Further, the Government explains that it took into account the large international investigation of Deutsche Bank—spanning several years and generating a correspondingly large amount (thousands of pages) of attorney and paralegal notes and other work product. That is why, the Government determined that crafting a bullet-point letter was not practical and would delay providing the information to defense. The Government thus isolated the relevant portions of its work product, sometimes by applying redactions and sometimes by condensing the work product, in an effort to provide the information to both Defendants in a timely fashion.

In the end, the Defendants received approximately 700 pages of meeting notes and other work product, which, although substantial, is a fraction of what was reviewed.

The Government insists that the Court should deny the defendants’ motion.

Gavin Campbell Black worked as Director on Deutsche Bank’s Money Market Derivatives and Pool Trading Desks in London from at least in or about February 1997 through at least early 2015. During that period, he traded derivative products that referenced USD LIBOR among other products. Because these trades were settled based on the published USD LIBOR rate, the profitability of Black’s trading positions depended on the direction in which USD LIBORs moved.

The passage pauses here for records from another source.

Lemma tri_edge_le_num_triangles x y : e x y -> (tri_edge e (x, y) <= num_triangles e)%N.
Proof.
move=> exy; pose N := [set w | e x w && e y w].
have inj : {in N &, injective (fun w => [set x; y; w])}.
  move=> w1 w2; rewrite /N inE => N1 _ S12.
  have : w1 \in [set x; y; w2] by rewrite -S12 !inE eqxx !orbT.
  by rewrite !inE => /orP[/orP[]|] /eqP // w1E; move: N1; rewrite w1E edge_irrefl ?andbF.
rewrite /tri_edge -(card_in_imset inj); apply/subset_leq_card/subsetP => S.
case/imsetP => w; rewrite /N inE => /andP[xw yw] ->.
by rewrite inE card_set3 ?is_clique3 ?exy ?xw ?yw ?edge_neq.
Qed.

Lemma in_common_triangleC a b : in_common_triangle e a b = in_common_triangle e b a.
Proof.
rewrite /in_common_triangle.
have -> // : [set a.1; a.2; b.1; b.2] = [set b.1; b.2; a.1; a.2].
apply/setP => t; rewrite !inE.
by case: (t == a.1); case: (t == a.2); rewrite /= ?orbT ?orbF.
Qed.

Lemma in_common_triangle_rev p q b :
  in_common_triangle e (q, p) b = in_common_triangle e (p, q) b.
Proof.
rewrite /in_common_triangle /=; have -> // : [set q; p; b.1; b.2] = [set p; q; b.1; b.2].
by apply/setP => t; rewrite !inE; case: (t == p); case: (t == q); rewrite /= ?orbT.
Qed.

Lemma in_common_triangle_revr a p q :
  in_common_triangle e a (q, p) = in_common_triangle e a (p, q).
Proof. by rewrite in_common_triangleC in_common_triangle_rev in_common_triangleC. Qed.

Lemma in_common_triangle_meet u w z : u != w -> w != z -> u != z ->
  in_common_triangle e (u, w) (u, z) = [&& e u w, e w z & e u z].
Proof.
move=> uw wz uz; rewrite /in_common_triangle /=.
have -> : [set u; w; u; z] = [set u; w; z].
  by apply/setP => t; rewrite !inE; case: (t == u); rewrite /= ?orbT ?orbF.
by rewrite card_set3 ?is_clique3.
Qed.

Lemma in_common_triangle_disjoint p q x y :
  p != q -> p != x -> p != y -> q != x -> q != y -> x != y ->
  in_common_triangle e (p, q) (x, y) = false.
Proof.
move=> pq px py qx qy xy; rewrite /in_common_triangle /= -!setUA !cardsU1 cards1.
by rewrite !inE !negb_or pq px py qx qy xy.
Qed.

Matthew Connolly, the other defendant in the case, worked as the Director of Deutsche Bank’s Pool Trading Desk in New York from at least in or about January 2005 through in or about March 2008.

According to the Indictment, from at least 2005 through at least in or about 2011, Connolly and Black, the defendants, together with other traders, engaged in a scheme to obtain money and property by making false and fraudulent USD LIBOR submissions to the BBA for inclusion in the calculation of USD LIBOR representing that the rates submitted were an unbiased and honest estimate of the bank’s borrowing costs when in fact the submissions reflected rates that were designed to benefit their trading positions.

The scheme had an effect on one or more financial institutions, within the meaning of Title 18, United States Code, Sections 20 and 3293(2). The conduct of the conspirators caused financial institutions to be susceptible to substantial risk of loss and to suffer actual loss. Deutsche Bank conducted a substantial internal investigation, risked sustaining significant harm to its commercial and financial reputation, and agreed to pay approximately $625 million in penalties to the United States Department of Justice as a result of the conduct alleged in this Indictment, and DB Group Services UK Limited, one of its subsidiaries, agreed to pay an additional fine of approximately $150 million.

The case, captioned USA v. Connolly (1:16-cr-00370), continues at the New York Southern District Court.